*** Available data Section Begins ***

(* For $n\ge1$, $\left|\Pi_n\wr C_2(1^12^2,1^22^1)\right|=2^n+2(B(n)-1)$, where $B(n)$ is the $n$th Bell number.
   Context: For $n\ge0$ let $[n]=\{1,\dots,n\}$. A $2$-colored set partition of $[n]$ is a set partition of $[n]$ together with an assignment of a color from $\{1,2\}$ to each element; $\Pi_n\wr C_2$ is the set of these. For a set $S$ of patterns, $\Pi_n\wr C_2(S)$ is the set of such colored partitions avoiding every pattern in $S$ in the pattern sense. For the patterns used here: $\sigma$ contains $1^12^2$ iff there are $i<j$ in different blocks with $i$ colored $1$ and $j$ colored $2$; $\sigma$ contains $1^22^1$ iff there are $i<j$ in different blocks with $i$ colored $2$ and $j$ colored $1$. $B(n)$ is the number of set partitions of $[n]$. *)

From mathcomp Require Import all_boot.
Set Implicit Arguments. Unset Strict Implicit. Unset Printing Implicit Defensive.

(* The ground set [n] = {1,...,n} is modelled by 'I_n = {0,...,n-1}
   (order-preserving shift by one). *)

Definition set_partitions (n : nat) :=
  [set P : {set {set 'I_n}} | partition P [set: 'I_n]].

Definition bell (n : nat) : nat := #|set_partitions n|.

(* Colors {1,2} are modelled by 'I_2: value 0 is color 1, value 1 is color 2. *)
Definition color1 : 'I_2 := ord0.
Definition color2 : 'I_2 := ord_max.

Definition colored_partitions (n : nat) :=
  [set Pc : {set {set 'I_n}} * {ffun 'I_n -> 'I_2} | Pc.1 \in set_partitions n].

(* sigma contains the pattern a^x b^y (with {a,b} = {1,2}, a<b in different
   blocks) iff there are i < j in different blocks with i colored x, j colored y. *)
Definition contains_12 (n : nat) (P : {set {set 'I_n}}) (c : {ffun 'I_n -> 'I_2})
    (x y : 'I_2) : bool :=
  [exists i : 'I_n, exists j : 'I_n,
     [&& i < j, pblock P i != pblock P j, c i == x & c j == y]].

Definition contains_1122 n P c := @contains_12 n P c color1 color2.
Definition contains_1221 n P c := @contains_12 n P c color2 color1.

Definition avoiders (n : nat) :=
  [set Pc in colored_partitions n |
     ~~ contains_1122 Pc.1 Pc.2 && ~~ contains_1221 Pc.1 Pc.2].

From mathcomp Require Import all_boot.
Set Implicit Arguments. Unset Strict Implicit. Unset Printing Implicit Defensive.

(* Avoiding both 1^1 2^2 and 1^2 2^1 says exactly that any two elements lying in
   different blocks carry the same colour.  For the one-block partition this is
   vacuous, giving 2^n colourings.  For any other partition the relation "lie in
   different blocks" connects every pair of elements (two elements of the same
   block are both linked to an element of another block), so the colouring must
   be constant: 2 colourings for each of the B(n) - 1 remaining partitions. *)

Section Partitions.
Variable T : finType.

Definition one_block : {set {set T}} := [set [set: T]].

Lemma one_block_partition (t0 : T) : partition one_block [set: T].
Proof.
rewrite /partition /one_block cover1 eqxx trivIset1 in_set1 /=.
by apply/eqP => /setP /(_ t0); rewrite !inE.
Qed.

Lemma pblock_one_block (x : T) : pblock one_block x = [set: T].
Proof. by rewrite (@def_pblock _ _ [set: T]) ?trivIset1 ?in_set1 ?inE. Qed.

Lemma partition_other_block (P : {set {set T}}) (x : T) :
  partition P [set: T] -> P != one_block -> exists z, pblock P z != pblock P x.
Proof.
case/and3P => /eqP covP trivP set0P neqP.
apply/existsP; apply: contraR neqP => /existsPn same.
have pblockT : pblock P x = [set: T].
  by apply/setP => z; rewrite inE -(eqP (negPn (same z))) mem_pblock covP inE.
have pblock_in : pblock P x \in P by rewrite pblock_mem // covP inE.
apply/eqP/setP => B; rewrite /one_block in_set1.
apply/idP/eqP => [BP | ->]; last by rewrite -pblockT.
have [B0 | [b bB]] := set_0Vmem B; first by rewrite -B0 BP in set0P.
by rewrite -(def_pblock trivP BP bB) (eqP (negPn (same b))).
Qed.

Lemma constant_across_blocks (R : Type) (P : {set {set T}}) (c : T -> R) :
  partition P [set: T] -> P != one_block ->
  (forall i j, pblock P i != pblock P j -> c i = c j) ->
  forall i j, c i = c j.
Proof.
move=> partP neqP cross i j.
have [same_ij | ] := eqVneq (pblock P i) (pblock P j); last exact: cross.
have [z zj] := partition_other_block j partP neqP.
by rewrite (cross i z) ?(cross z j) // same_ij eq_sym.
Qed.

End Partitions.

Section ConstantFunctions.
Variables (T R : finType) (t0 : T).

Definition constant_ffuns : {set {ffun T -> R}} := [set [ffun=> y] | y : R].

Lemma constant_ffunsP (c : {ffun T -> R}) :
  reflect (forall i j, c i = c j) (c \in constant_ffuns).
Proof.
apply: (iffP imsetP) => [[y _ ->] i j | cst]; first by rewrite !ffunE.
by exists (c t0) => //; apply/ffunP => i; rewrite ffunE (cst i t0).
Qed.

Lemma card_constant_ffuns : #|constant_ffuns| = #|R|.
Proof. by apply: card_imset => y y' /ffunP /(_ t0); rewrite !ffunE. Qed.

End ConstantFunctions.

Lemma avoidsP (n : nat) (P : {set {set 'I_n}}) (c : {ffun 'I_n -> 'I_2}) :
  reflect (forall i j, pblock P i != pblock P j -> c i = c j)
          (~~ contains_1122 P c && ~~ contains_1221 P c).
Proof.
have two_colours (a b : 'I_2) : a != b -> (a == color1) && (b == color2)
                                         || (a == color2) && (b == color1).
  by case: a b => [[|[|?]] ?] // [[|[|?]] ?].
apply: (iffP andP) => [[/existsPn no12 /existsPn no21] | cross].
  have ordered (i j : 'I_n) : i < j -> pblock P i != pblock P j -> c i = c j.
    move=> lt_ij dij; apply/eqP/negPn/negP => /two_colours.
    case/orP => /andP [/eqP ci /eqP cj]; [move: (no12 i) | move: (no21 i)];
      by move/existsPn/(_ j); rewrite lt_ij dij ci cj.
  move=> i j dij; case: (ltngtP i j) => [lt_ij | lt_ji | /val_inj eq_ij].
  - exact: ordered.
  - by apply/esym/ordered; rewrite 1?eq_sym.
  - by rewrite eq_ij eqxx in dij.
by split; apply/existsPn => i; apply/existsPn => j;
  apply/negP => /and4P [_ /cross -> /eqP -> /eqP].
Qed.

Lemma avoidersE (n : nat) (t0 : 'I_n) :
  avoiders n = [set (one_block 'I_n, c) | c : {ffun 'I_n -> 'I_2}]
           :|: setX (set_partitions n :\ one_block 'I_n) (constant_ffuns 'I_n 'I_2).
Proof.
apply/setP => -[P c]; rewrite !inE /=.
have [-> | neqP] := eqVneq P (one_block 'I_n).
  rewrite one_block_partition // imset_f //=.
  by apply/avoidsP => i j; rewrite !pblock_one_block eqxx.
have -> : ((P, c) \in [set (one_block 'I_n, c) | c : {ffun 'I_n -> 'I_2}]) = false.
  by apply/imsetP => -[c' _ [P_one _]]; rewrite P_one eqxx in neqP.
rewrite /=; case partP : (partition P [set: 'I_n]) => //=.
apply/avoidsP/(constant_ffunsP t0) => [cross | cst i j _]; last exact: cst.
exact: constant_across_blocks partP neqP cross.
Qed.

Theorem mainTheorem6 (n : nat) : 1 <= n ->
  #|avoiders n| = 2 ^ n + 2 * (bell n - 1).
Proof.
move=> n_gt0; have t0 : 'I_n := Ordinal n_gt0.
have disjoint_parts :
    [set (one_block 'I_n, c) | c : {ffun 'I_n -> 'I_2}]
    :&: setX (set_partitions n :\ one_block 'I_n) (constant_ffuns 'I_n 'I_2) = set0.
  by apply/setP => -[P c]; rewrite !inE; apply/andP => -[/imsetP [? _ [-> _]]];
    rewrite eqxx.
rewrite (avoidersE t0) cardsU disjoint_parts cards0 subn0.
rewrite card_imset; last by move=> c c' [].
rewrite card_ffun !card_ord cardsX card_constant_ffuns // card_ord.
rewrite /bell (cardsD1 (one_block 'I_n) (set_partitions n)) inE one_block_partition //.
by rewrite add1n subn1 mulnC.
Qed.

*** Available data Section Ends ***

## Exercise instructions:
Among the records above, repeat exactly the line with "by case: a b => [[|[|?]] ?] // [[|[|?]] ?].", the line with "case/orP => /andP", and every line in between, and only those.

## Exercise response:
  by case: a b => [[|[|?]] ?] // [[|[|?]] ?].
apply: (iffP andP) => [[/existsPn no12 /existsPn no21] | cross].
  have ordered (i j : 'I_n) : i < j -> pblock P i != pblock P j -> c i = c j.
    move=> lt_ij dij; apply/eqP/negPn/negP => /two_colours.
    case/orP => /andP [/eqP ci /eqP cj]; [move: (no12 i) | move: (no21 i)];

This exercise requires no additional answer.